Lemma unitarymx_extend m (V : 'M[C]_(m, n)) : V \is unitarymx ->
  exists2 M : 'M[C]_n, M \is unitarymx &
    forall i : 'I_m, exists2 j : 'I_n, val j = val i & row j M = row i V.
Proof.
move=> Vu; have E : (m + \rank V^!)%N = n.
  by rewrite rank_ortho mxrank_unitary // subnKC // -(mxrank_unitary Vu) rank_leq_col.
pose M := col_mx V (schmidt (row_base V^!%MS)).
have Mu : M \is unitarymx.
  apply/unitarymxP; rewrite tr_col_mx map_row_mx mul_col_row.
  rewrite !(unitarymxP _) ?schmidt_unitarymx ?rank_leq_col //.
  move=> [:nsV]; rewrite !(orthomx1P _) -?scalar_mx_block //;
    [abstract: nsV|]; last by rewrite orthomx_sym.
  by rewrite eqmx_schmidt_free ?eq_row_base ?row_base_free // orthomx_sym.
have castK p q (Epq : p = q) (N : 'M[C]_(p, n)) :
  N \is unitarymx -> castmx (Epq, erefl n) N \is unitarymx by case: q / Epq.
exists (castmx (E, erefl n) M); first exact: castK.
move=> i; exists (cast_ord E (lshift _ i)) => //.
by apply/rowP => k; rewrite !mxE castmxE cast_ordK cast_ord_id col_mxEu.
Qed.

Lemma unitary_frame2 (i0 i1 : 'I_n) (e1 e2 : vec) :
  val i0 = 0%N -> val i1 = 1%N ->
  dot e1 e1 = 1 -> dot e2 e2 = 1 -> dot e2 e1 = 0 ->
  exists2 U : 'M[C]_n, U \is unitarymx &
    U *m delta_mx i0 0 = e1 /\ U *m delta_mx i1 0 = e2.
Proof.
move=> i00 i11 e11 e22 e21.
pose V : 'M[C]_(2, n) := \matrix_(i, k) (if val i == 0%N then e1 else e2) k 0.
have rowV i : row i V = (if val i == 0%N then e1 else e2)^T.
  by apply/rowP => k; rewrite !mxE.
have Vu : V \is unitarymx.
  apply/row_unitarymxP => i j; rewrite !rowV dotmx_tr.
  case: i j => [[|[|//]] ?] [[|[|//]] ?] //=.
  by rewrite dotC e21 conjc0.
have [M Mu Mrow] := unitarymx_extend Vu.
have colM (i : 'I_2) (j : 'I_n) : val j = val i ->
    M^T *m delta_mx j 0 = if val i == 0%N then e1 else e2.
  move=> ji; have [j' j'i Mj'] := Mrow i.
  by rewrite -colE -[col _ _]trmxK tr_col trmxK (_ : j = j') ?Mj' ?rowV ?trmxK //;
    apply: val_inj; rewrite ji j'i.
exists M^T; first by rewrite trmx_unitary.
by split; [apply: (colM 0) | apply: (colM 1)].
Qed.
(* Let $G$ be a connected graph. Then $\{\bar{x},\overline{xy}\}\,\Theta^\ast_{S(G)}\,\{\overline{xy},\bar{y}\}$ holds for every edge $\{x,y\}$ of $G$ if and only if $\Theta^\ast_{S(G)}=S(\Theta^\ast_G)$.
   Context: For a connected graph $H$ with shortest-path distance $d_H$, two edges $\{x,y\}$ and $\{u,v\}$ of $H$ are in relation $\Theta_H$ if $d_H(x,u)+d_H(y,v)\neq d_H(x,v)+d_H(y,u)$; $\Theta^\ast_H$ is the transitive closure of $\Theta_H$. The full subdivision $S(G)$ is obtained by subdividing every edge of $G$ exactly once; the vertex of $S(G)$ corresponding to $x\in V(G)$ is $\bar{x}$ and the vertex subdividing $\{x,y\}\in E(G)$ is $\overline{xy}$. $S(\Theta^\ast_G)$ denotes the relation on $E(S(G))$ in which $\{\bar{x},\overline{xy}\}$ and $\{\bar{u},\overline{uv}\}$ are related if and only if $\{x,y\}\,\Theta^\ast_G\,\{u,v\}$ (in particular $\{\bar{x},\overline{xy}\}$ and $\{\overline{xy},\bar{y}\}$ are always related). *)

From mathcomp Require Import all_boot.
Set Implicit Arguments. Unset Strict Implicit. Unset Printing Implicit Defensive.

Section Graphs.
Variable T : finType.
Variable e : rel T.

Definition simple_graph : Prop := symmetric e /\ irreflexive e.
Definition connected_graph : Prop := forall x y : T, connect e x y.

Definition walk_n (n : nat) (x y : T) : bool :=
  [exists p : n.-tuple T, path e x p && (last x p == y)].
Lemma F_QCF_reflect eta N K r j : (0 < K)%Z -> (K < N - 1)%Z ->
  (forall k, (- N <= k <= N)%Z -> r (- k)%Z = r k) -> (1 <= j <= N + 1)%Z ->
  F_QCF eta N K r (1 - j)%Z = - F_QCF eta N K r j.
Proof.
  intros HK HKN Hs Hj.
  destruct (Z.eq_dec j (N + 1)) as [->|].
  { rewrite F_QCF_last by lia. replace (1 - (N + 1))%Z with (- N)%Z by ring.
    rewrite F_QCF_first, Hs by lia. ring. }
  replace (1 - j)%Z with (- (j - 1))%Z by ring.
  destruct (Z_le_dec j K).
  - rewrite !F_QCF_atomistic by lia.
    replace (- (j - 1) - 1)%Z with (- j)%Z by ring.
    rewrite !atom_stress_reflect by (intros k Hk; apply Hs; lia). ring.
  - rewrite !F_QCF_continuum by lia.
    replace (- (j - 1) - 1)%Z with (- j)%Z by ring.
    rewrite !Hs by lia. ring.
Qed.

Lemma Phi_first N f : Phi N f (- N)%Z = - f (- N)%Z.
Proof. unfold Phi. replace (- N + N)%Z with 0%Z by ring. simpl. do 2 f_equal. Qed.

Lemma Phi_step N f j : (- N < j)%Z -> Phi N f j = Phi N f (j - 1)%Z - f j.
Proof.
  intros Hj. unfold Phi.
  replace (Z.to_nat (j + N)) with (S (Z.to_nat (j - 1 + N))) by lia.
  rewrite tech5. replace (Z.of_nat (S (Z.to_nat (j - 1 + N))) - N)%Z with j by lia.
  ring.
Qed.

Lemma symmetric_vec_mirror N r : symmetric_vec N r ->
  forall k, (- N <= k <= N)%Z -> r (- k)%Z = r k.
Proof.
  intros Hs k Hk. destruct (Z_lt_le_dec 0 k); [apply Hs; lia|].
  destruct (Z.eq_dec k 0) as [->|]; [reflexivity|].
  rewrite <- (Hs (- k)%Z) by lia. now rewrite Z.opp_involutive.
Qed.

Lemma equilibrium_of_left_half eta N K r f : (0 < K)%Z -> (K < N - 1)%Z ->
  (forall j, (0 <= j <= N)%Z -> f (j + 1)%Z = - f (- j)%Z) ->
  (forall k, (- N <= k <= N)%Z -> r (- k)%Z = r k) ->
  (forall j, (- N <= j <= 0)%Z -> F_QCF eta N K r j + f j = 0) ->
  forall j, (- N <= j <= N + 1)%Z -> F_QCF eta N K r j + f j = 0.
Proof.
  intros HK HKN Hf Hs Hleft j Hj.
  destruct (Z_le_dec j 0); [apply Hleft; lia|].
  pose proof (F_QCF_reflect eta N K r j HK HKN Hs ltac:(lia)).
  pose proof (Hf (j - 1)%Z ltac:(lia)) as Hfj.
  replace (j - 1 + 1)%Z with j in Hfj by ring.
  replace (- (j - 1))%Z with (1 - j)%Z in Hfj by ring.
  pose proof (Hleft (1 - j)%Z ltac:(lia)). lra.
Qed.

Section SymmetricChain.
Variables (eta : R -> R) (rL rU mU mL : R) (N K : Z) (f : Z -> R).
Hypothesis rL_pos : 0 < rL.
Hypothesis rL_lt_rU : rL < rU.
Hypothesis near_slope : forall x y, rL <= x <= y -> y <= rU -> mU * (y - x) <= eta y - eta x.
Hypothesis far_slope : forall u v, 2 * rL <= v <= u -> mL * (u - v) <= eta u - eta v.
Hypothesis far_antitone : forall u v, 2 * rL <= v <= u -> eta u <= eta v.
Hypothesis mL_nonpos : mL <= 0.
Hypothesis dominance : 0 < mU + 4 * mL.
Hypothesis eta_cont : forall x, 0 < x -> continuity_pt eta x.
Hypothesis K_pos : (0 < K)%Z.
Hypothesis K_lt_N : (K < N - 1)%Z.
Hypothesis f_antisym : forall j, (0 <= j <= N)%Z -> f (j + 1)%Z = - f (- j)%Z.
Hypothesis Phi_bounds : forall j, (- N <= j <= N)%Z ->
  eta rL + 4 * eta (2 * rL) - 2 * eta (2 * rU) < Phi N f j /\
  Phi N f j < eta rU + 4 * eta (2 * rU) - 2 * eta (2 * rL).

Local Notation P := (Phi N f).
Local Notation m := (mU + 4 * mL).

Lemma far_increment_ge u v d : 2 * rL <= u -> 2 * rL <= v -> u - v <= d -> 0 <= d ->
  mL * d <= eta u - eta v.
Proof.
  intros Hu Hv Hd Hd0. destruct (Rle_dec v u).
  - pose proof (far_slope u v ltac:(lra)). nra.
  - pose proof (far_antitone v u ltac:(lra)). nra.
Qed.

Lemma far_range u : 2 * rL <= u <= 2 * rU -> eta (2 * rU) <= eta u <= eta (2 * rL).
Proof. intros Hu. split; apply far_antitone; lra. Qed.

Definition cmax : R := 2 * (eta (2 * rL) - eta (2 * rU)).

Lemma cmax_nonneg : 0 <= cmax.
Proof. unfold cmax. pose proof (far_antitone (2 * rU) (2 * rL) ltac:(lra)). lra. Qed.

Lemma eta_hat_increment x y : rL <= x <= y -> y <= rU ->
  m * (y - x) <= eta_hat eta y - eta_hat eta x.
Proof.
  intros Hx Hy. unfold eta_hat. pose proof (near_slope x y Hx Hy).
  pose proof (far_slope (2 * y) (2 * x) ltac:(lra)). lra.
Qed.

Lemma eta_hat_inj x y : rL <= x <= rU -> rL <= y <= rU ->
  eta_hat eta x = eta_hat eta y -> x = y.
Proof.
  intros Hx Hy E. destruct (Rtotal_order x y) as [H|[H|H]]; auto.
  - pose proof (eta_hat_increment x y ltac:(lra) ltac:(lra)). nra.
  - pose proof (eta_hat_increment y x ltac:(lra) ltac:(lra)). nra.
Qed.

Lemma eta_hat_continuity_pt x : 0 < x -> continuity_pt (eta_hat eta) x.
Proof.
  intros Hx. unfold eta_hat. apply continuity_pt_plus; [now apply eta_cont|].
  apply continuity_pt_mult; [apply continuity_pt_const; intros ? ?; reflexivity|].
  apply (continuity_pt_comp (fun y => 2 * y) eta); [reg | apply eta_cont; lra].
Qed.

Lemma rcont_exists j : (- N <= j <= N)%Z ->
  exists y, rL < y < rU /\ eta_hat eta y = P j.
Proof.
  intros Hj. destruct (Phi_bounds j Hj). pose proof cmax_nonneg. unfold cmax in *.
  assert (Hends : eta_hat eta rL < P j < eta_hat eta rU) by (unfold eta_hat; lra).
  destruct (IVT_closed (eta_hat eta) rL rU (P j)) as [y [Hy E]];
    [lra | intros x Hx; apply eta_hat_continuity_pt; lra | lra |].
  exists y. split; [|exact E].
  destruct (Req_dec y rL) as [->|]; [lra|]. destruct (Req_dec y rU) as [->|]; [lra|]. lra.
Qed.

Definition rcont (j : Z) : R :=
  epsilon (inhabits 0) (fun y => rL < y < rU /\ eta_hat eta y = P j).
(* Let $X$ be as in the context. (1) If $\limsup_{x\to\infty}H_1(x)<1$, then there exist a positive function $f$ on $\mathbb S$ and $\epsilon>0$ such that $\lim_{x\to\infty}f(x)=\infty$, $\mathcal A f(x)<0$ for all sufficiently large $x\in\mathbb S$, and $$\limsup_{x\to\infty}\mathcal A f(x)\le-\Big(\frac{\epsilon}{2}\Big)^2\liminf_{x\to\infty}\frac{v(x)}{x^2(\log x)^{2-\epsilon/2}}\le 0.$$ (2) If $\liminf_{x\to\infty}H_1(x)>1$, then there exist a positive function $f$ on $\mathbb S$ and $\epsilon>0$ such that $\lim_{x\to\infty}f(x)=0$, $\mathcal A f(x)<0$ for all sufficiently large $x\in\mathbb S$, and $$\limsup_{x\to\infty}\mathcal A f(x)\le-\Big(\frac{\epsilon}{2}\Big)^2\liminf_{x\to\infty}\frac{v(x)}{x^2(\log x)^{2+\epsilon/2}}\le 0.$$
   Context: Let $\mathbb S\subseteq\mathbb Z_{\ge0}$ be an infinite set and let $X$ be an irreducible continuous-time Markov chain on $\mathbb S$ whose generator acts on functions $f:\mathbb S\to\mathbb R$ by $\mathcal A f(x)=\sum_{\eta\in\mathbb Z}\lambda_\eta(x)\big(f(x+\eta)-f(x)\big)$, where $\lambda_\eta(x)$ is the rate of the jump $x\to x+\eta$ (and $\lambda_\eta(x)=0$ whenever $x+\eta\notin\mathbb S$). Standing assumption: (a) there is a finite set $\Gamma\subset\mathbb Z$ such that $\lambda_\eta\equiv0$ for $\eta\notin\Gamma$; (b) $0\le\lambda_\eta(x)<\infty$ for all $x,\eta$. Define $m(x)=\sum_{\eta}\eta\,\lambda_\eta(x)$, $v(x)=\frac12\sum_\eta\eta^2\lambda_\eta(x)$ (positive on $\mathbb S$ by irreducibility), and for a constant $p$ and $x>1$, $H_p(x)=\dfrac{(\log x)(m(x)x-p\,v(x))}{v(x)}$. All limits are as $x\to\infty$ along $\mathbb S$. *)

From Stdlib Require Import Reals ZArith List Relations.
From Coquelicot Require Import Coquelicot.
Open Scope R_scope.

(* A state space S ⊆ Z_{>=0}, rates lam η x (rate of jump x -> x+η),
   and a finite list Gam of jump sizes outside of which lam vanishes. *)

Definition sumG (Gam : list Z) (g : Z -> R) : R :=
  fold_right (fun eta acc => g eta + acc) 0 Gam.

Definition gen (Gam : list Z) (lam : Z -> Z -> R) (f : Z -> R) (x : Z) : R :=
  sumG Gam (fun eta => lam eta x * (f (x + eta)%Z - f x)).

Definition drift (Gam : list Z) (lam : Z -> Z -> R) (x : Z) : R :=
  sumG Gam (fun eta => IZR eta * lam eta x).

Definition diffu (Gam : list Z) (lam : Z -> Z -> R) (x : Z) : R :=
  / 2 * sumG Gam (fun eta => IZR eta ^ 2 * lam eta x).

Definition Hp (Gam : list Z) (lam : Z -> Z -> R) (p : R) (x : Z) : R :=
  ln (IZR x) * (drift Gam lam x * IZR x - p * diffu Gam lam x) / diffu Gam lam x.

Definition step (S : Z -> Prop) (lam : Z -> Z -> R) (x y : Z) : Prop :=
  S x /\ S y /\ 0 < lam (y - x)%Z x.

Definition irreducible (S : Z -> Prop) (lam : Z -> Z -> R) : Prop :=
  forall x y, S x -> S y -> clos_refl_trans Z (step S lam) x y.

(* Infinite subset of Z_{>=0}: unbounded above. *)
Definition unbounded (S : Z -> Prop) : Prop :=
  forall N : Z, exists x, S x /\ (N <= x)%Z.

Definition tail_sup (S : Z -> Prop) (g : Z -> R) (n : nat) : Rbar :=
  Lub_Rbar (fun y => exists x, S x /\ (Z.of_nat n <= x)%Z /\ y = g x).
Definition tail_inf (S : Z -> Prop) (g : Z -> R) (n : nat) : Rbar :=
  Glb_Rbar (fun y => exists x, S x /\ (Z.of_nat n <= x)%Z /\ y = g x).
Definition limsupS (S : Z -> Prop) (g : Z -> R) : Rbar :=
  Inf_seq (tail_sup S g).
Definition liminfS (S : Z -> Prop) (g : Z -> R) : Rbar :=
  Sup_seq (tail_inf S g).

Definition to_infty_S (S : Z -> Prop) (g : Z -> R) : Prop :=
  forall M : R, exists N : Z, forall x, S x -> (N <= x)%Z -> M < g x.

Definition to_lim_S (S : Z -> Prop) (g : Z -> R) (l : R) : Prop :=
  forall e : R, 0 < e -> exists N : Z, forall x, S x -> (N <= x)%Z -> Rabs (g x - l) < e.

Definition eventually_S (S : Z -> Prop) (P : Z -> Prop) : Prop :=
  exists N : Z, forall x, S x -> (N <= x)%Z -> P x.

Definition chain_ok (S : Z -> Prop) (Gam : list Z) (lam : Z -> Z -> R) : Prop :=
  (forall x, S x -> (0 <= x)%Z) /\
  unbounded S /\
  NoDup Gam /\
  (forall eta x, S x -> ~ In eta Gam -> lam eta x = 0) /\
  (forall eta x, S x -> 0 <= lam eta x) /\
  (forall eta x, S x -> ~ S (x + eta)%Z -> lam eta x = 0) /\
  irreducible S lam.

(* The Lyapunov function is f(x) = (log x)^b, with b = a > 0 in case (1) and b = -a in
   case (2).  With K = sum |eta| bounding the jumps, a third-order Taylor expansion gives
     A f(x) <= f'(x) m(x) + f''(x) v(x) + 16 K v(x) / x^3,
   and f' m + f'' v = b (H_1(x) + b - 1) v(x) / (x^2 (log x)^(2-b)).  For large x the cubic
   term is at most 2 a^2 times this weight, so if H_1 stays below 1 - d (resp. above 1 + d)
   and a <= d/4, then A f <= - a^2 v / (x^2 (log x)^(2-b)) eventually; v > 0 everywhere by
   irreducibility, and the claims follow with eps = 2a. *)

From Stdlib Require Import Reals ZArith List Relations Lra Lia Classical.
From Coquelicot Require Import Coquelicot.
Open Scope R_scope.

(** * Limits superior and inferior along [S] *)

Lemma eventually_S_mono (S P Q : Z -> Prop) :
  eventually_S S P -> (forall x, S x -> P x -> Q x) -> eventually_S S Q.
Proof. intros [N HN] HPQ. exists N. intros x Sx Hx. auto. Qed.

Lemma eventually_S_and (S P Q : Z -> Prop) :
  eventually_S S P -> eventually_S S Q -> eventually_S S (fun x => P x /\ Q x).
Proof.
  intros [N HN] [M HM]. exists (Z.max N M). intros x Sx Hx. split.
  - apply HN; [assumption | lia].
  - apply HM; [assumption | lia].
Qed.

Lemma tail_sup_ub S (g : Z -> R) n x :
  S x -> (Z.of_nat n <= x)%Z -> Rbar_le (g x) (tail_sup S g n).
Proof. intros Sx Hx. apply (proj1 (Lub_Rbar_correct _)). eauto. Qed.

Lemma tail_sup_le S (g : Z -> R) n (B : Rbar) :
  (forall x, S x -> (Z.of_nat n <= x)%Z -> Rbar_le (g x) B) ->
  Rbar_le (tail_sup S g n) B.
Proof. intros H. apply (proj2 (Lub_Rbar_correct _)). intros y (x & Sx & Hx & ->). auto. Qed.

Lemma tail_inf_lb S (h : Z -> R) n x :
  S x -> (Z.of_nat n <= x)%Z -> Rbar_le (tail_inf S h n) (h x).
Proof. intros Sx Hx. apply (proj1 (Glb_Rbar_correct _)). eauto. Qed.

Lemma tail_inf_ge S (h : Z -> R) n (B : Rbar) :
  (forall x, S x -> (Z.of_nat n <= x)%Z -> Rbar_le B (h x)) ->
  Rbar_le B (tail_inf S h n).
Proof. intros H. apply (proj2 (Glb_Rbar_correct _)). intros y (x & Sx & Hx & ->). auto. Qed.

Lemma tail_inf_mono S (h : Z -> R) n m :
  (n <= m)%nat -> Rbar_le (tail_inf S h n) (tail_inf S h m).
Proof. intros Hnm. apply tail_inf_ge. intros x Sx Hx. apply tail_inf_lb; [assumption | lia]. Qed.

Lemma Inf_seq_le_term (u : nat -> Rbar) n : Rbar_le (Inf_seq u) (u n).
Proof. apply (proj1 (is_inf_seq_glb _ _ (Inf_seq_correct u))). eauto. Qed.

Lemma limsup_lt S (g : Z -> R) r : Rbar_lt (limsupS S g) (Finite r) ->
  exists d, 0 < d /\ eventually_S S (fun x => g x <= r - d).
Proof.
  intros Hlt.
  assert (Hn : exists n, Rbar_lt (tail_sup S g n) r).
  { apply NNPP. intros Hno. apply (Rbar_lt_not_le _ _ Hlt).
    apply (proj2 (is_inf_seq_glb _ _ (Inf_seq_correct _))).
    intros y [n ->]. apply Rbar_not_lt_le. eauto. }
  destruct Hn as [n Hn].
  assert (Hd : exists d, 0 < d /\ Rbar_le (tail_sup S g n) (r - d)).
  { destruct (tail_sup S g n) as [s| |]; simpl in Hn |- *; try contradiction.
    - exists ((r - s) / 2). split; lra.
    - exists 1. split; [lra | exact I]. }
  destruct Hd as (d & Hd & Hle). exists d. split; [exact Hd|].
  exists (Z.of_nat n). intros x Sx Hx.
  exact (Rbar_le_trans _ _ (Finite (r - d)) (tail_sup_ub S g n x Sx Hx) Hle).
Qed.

TASK TO CARRY OUT:
With the first line being the one containing "Section Graphs." and the last line the one containing "[exists p : n.-tuple", transcribe exactly the lines above that fall in that range.

ANSWER SPACE:
Section Graphs.
Variable T : finType.
Variable e : rel T.

Definition simple_graph : Prop := symmetric e /\ irreflexive e.
Definition connected_graph : Prop := forall x y : T, connect e x y.

Definition walk_n (n : nat) (x y : T) : bool :=
  [exists p : n.-tuple T, path e x p && (last x p == y)].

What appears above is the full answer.